UCSF’s Dr. Bob Wachter about why he masks again

COVID-19 cases on the rise in California and Dr. Bob Wachter from UCSF posted on Twitter On Monday, he will return to more cautious behavior, putting his mask back on in indoor public areas where it may not be necessary.

“In the past month, SF has become much less mask-like,” Wachter wrote on Twitter. “If you’ve decided at this point that it’s okay to get Covid (which isn’t crazy if you’re vaxxed/boost), then it’s okay to keep your mask off in crowded indoor spaces. If you’d rather avoid Covid and have become less careful, it’s time to reconsider.”

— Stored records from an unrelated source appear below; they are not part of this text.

Lemma iter_derivation_bracket (v w : 'rV[K]_n.+1) l u k :
  v *m der_mx = l *: v -> w *m der_mx = u *: w ->
  iter k D (N2_bracket (of_gens v) (of_gens w)) =
    [ffun q => (l + u) ^+ k * N2_bracket (of_gens v) (of_gens w) q].
Proof.
move=> v_eigen w_eigen; set b := N2_bracket _ _.
have Db : D b = [ffun q => (l + u) * b q].
  rewrite D_der.2.2; apply/ffunP => -[j|p]; first by rewrite !ffunE mulr0 addr0.
  rewrite !ffunE !(derivation_eigen_gens v_eigen) !(derivation_eigen_gens w_eigen).
  ring.
elim: k => [|k IH]; first by apply/ffunP => q; rewrite [in RHS]ffunE expr0 mul1r.
by rewrite iterS IH D_der.2.1 Db; apply/ffunP => q; rewrite !ffunE mulrA -exprSr.
Qed.

End Derivation.

Lemma exists_periodic_derivation (K : numClosedFieldType) g : (g <= 3)%N ->
  exists D : N2 K g -> N2 K g, is_derivation D /\ is_periodic D.
Proof.
move=> g_le3; have [w w_cyclo3] := exists_cyclo3_root K.
have wi3 (i : nat) : (w ^+ i) ^+ 3 = 1.
  by rewrite -exprM mulnC exprM cyclo3_expr3 // expr1n.
have pair_cyclo3 (i j : 'I_g) : (i < j)%N -> cyclo3 (w ^+ i) (w ^+ j) = 0.
  have j_lt3 : (j < 3)%N := leq_trans (ltn_ord j) g_le3.
  move: j_lt3; case: (nat_of_ord i) => [|[|[|?]]]; case: (nat_of_ord j) => [|[|[|?]]] //= _ _.
  - have -> : cyclo3 (w ^+ 0) (w ^+ 2) = cyclo3 1 w * (w ^+ 2 - w + 1).
      by rewrite /cyclo3; ring.
    by rewrite w_cyclo3 mul0r.
  - have -> : cyclo3 (w ^+ 1) (w ^+ 2) = cyclo3 1 w * w ^+ 2 by rewrite /cyclo3; ring.
    by rewrite w_cyclo3 mul0r.
exists (diag_der (fun i : 'I_g => w ^+ i)); split; first exact: diag_der_is_derivation.
apply: (@diag_der_periodic _ _ _ 6) => // -[i|[[i j] /= ij]] /=.
  by rewrite (exprM _ 3 2) wi3 expr1n.
exact: cyclo3_expr6 (wi3 _) (wi3 _) (pair_cyclo3 _ _ ij).
Qed.
Lemma hall_condition_inside : hall_condition (fun b a => E a b) (N S) S.
Proof.
move=> R sRNS; set SR := neighbours _ S R; have := S_max (S :\: SR).
have sSRS : SR \subset S by apply: neighbours_subset.
have dNR : [disjoint N (S :\: SR) & R].
  rewrite -setI_eq0; apply/eqP/setP => b; rewrite !inE; apply/negbTE/andP.
  case=> /exists_inP[a]; rewrite inE => /andP[aSR aS] Eab bR.
  by case/negP: aSR; rewrite inE aS; apply/exists_inP; exists b.
have NR : #|N (S :\: SR)| + #|R| <= #|N S|.
  rewrite -cardsU_disjoint //; apply: subset_leq_card; rewrite subUset sRNS andbT.
  apply/subsetP => b; rewrite !inE => /exists_inP[a aSSR Eab].
  by apply/exists_inP; exists a; rewrite // (subsetP (subsetDl S SR)).
rewrite /cover_saving cardsD (setIidPr sSRS).
have := subset_leq_card sSRS; have := cardsC (N S).
by have := cardsC (N (S :\: SR)); lia.
Qed.

End MaxSaving.

Lemma konig : exists WA WB M,
  [/\ vertex_cover WA WB, matching M & #|M| = #|WA| + #|WB|].
Proof.
(* Hall's theorem needs default elements; without them [E] is empty. *)
have [[a0 b0] _|AB0] := pickP (@predT (A * B)); last first.
  exists set0, set0, set0; split; last by rewrite !cards0.
  - by move=> a b _; have := AB0 (a, b).
  - by split=> [p|p q|p q]; rewrite inE.
pose S := [arg max_(S > set0) cover_saving S].
have S_max T : cover_saving T <= cover_saving S.
  by rewrite /S; case: arg_maxnP => // S' _; apply.
have [f fM] := hall b0 (hall_condition_outside S_max).
have [g gM] := hall a0 (hall_condition_inside S_max).
have dS : [disjoint ~: S & S] by rewrite disjoints_subset.
have dNS : [disjoint ~: N S & N S] by rewrite disjoints_subset.
exists (~: S), (N S), (graph_join (~: S) (N S) f g); split.
- move=> a b Eab; rewrite inE; case: (boolP (a \in S)) => //= aS.
  by rewrite !inE; apply/exists_inP; exists a.
- exact: matching_graph_join dS dNS fM gM.
- exact: card_graph_join dS gM.
Qed.
End Konig.
Theorem mainTheorem4 (K : closedFieldType) (charK : [pchar K] =i pred0)
  (e : nat) (gens : seq 'rV[rat]_e) (hC : line_free gens)
  (le : rel (expo e)) (hle : compatible_order gens le)
  (n : nat) (f : seq (series e K)) (hf : free_poly gens n f)
  (ms : seq (expo e))
  (hms_sorted : sorted (fun a b => le a b && (a != b)) ms)
  (hms : forall m, m \in ms <-> char_exp gens le n f m) :
  forall i, (i < size ms)%N ->
    in_lattice n ms i (rseq n ms i *+ eseq n ms i) /\
    (forall alpha : nat, (1 <= alpha)%N -> (alpha < eseq n ms i)%N ->
       ~ in_lattice n ms i (rseq n ms i *+ alpha)).
Proof.
move=> i _; have Kr := rseq_sub_char n ms i.
split=> [|a a_gt0 a_lt /in_lattice_char Kra].
  apply/in_lattice_char; rewrite -(subrK ms`_i (rseq n ms i)) mulrnDl.
  exact: char_latticeD (char_lattice_muln _ Kr) (char_lattice_eseq _ _ _).
have Kma : char_lattice n ms i (ms`_i *+ a).
  rewrite -(subKr (rseq n ms i) ms`_i) mulrnBl.
  exact: char_latticeB Kra (char_lattice_muln _ Kr).
by have /negP := ndvdn_mul_lt_divn (DseqS_dvd n ms i) a_gt0 a_lt; apply; apply: Dseq_dvd_muln.
Qed.
(* Modulo 3 the commutators of SL_2(Z/3Z) lie in the quaternion group, the
   preimage of D_3; for k >= 2 the group \bar Gamma(2)_k is generated by -1 and
   commutators, so it reduces into D_3 modulo 3, and so does its closure.
   Conversely fix n odd.  As 2 is invertible modulo n, elementary matrices lift
   to Gamma(2), so Gamma(2) maps onto SL_2(Z/nZ).  By induction on k, the image
   of \bar Gamma(2)_k in PSL_2(Z/nZ) contains every matrix reducing into D_3
   modulo 3: commutators of diag(1/2, 2), which is -1 modulo 3, with elementary
   matrices give E_12(3y), E_21(3y) and diag(4, 1/4), which generate the
   matrices congruent to 1 modulo 3, and explicit commutators supply a
   representative of each class of D_3. *)

Lemma exists_coprime_addn_mul (x y z : nat) : 0 < z ->
  (forall l, prime l -> l %| z -> l %| x -> l %| y -> False) ->
  exists t, coprime (x + t * y) z.
Proof.
move=> z_gt0 no_common.
pose t := \prod_(l <- primes z | ~~ (l %| x)) l.
have t_ndvd l : prime l -> l %| t -> ~~ (l %| x).
  move=> l_pr; rewrite Euclid_dvd_prod // big_has_cond.
  case/hasP=> l' /[!mem_primes] /and3P[l'_pr _ _] /andP[nx].
  by rewrite dvdn_prime2 // => /eqP ->.
have dvd_t l : prime l -> l %| z -> ~~ (l %| x) -> l %| t.
  move=> l_pr lz nx; rewrite /t (big_rem l) ?mem_primes ?l_pr ?z_gt0 ?lz //=.
  by rewrite nx dvdn_mulr.
exists t; apply/negPn/negP => not_coprime.
have gcd_gt1 : 1 < gcdn (x + t * y) z.
  by rewrite ltn_neqAle eq_sym not_coprime gcdn_gt0 z_gt0 orbT.
pose l := pdiv (gcdn (x + t * y) z).
have l_pr : prime l := pdiv_prime gcd_gt1.
have l_gcd : l %| gcdn (x + t * y) z := pdiv_dvd _.
have lz : l %| z by apply: dvdn_trans l_gcd (dvdn_gcdr _ _).
have lxy : l %| x + t * y by apply: dvdn_trans l_gcd (dvdn_gcdl _ _).
have [lx | nx] := boolP (l %| x).
  move: lxy; rewrite dvdn_addr // Euclid_dvdM // => /orP[lt | ly].
    by move: (t_ndvd l l_pr lt); rewrite lx.
  exact: no_common l l_pr lz lx ly.
by move: lxy; rewrite dvdn_addl ?dvdn_mulr ?dvd_t // (negPf nx).
Qed.

Local Open Scope ring_scope.

Section Matrix2.
Variable R : comNzRingType.
Implicit Types (a b c d : R) (A B : 'M[R]_2).

Definition m2 a b c d : 'M[R]_2 :=
  \matrix_(i < 2, j < 2)
    if (i == 0 :> nat) then (if (j == 0 :> nat) then a else b)
    else (if (j == 0 :> nat) then c else d).

Lemma m2_eta A : A = m2 (A 0 0) (A 0 1) (A 1 0) (A 1 1).
Proof.
apply/matrixP => i j; rewrite !mxE.
by case: i => [[|[|//]] ?]; case: j => [[|[|//]] ?]; congr (A _ _); apply: val_inj.
Qed.

Lemma eq_mx2 A B : A 0 0 = B 0 0 -> A 0 1 = B 0 1 -> A 1 0 = B 1 0 -> A 1 1 = B 1 1 ->
  A = B.
Proof. by move=> *; rewrite [A]m2_eta [B]m2_eta; congr m2. Qed.

Lemma mul_m2 a b c d a' b' c' d' :
  m2 a b c d *m m2 a' b' c' d' =
  m2 (a * a' + b * c') (a * b' + b * d') (c * a' + d * c') (c * b' + d * d').
Proof.
apply/matrixP => i j; rewrite !mxE !big_ord_recr big_ord0 /= !mxE add0r.
by case: i => [[|[|//]] ?]; case: j => [[|[|//]] ?].
Qed.

Lemma det_m2 a b c d : \det (m2 a b c d) = a * d - b * c.
Proof.
rewrite (expand_det_row _ 0) !big_ord_recr big_ord0 /= add0r.
by rewrite /cofactor !det_mx11 !mxE /= expr0 expr1 !mul1r mulN1r mulrN.
Qed.

Lemma adj_m2 a b c d : \adj (m2 a b c d) = m2 d (- b) (- c) a.
Proof.
apply/matrixP => i j; rewrite !mxE /cofactor det_mx11 !mxE.
by case: i => [[|[|//]] ?]; case: j => [[|[|//]] ?];
  rewrite /= ?expr0 ?expr1 ?mul1r ?mulN1r ?expr2 ?mulrNN ?mul1r.
Qed.

Lemma m2_1 : 1%:M = m2 1 0 0 1.
Proof. by apply: eq_mx2; rewrite !mxE. Qed.

Lemma opp_m2 a b c d : - m2 a b c d = m2 (- a) (- b) (- c) (- d).
Proof. by apply: eq_mx2; rewrite !mxE. Qed.

Lemma add_m2 a b c d a' b' c' d' :
  m2 a b c d + m2 a' b' c' d' = m2 (a + a') (b + b') (c + c') (d + d').
Proof. by apply: eq_mx2; rewrite !mxE. Qed.

Lemma muln_m2 a b c d k :
  m2 a b c d *+ k = m2 (a *+ k) (b *+ k) (c *+ k) (d *+ k).
Proof. by apply: eq_mx2; rewrite !(mulmxnE, mxE). Qed.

Wachter said he is covering his face again because he prefers to avoid COVID. He said he is particularly concerned about long-term COVID symptoms and long-term risks, including damage to the heart, neurological effects and diabetes.

“I will now do 100% N95 in crowded indoor spaces,” Wachter wrote. “I prefer dining outside rather than inside, although I will eat inside in small groups (I realize it’s a risk, but it seems worth it). You have to make your own choice, but do it with an open mind eyes: there’s a lot of Covid out there.”

Wachter is the chair of UCSF’s division of medicine and has been tweeting about COVID-19 for more than two years, sharing regular updates on his view on the state of the pandemic in San Francisco and worldwide.


After peaking in January amid the ominous wave, San Francisco saw the number of cases drop significantly and the city relaxed its health mandate, eliminating the need for masks in most indoor public spaces. The number of cases is increasing again, although it is difficult to determine the extent to which state and city data is less reliable, as there are fewer test locations and more people are testing at home. Wachter said the asymptomatic test-positive rate at UCSF, where patients have to be tested for certain procedures or if they stay overnight, is a good indicator of its prevalence in the community. He said in the past week the percentage has tripled, rising to 3.4%, meaning 1 in 30 people in San Francisco are asymptomatic.

“I had slipped a bit: masking in non-crowded areas, and become less careful with: restaurants,” Wachter said. “I resume more cautious behavior.”